Definition union2 (a b : V) : V :=
  proj1_sig (constructive_indefinite_description _ (ax_union M (upair a b))).

Lemma in_union2 a b z : z ∈ union2 a b <-> z ∈ a \/ z ∈ b.
Proof.
  unfold union2; destruct (constructive_indefinite_description _ _) as [u Hu]; cbn.
  rewrite Hu; split.
  - intros (y & Hy & Hz); apply in_upair in Hy as [-> | ->]; auto.
  - intros [H | H]; [exists a | exists b]; auto using upair_l, upair_r.
Qed.

Definition succ (x : V) : V := union2 x (sing x).

Lemma in_succ x z : z ∈ succ x <-> z ∈ x \/ z = x.
Proof. unfold succ; rewrite in_union2, in_sing; reflexivity. Qed.

Lemma is_succ_eq s x : is_succ mem s x <-> s = succ x.
Proof.
  split.
  - intro H; apply set_ext; intro z; rewrite in_succ; apply H.
  - intros ->; exact (in_succ x).
Qed.

Lemma succ_self x : x ∈ succ x.
Proof. apply in_succ; auto. Qed.

Lemma mem_irrefl x : ~ x ∈ x.
Proof.
  intro H; destruct (ax_reg M (sing x)) as (y & Hy & Hmin); [exists x; apply sing_self |].
  apply in_sing in Hy; subst y; exact (Hmin x H (sing_self x)).
Qed.

Lemma mem_asym x y : x ∈ y -> ~ y ∈ x.
Proof.
  intros Hxy Hyx; destruct (ax_reg M (upair x y)) as (m & Hm & Hmin); [exists x; apply upair_l |].
  apply in_upair in Hm as [-> | ->].
  - exact (Hmin y Hyx (upair_r x y)).
  - exact (Hmin x Hxy (upair_l x y)).
Qed.

Lemma succ_inj a b : succ a = succ b -> a = b.
Proof.
  intro H; apply NNPP; intro Hab.
  assert (Ha : a ∈ succ b) by (rewrite <- H; apply succ_self).
  assert (Hb : b ∈ succ a) by (rewrite H; apply succ_self).
  apply in_succ in Ha as [Ha | ->]; [| auto].
  apply in_succ in Hb as [Hb | ->]; [| auto].
  exact (mem_asym a b Ha Hb).
Qed.

Lemma mem_ind phi e a :
  (forall z, z ∈ a -> (forall y, y ∈ z -> y ∈ a -> sat mem (scons y e) phi) ->
     sat mem (scons z e) phi) ->
  forall z, z ∈ a -> sat mem (scons z e) phi.
Proof.
  intros Hstep z Hz; apply NNPP; intro Hn.
  destruct (separation (fNot phi) e a) as [b Hb].
  destruct (ax_reg M b) as (m & Hm & Hmin); [exists z; apply Hb; auto |].
  apply Hb in Hm as [Hma Hmn]; apply Hmn, Hstep; auto.
  intros y Hy Hya; apply NNPP; intro Hyn.
  apply (Hmin y Hy), Hb; auto.
Qed.

Lemma omega_exists : exists w : V, is_omega mem w.
Proof.
  destruct (ax_inf M) as [I _].
  destruct (ax_count M I) as (w & _ & Hw & _); eauto.
Qed.

Definition omega : V := proj1_sig (constructive_indefinite_description _ omega_exists).

Lemma omega_is_omega : is_omega mem omega.
Proof. exact (proj2_sig (constructive_indefinite_description _ omega_exists)). Qed.

Lemma is_omega_eq w : is_omega mem w -> w = omega.
Proof.
  intros [Hw Hmin]; destruct omega_is_omega as [Hom Hommin].
  apply set_ext; intro x; split; [apply Hmin | apply Hommin]; assumption.
Qed.

Definition empty_set : V :=
  proj1_sig (constructive_indefinite_description _ (proj1 (proj1 omega_is_omega))).

Lemma empty_set_spec : empty mem empty_set /\ empty_set ∈ omega.
Proof.
  exact (proj2_sig (constructive_indefinite_description _ (proj1 (proj1 omega_is_omega)))).
Qed.

Lemma notin_empty_set x : ~ x ∈ empty_set.
Proof. apply empty_set_spec. Qed.

Lemma empty_set_in_omega : empty_set ∈ omega.
Proof. apply empty_set_spec. Qed.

### Task goal
Filter the entries above down to the lines that hold the word "rewrite", and copy those lines.

### Exercise answer
  rewrite Hu; split.
Proof. unfold succ; rewrite in_union2, in_sing; reflexivity. Qed.
  - intro H; apply set_ext; intro z; rewrite in_succ; apply H.
  assert (Ha : a ∈ succ b) by (rewrite <- H; apply succ_self).
  assert (Hb : b ∈ succ a) by (rewrite H; apply succ_self).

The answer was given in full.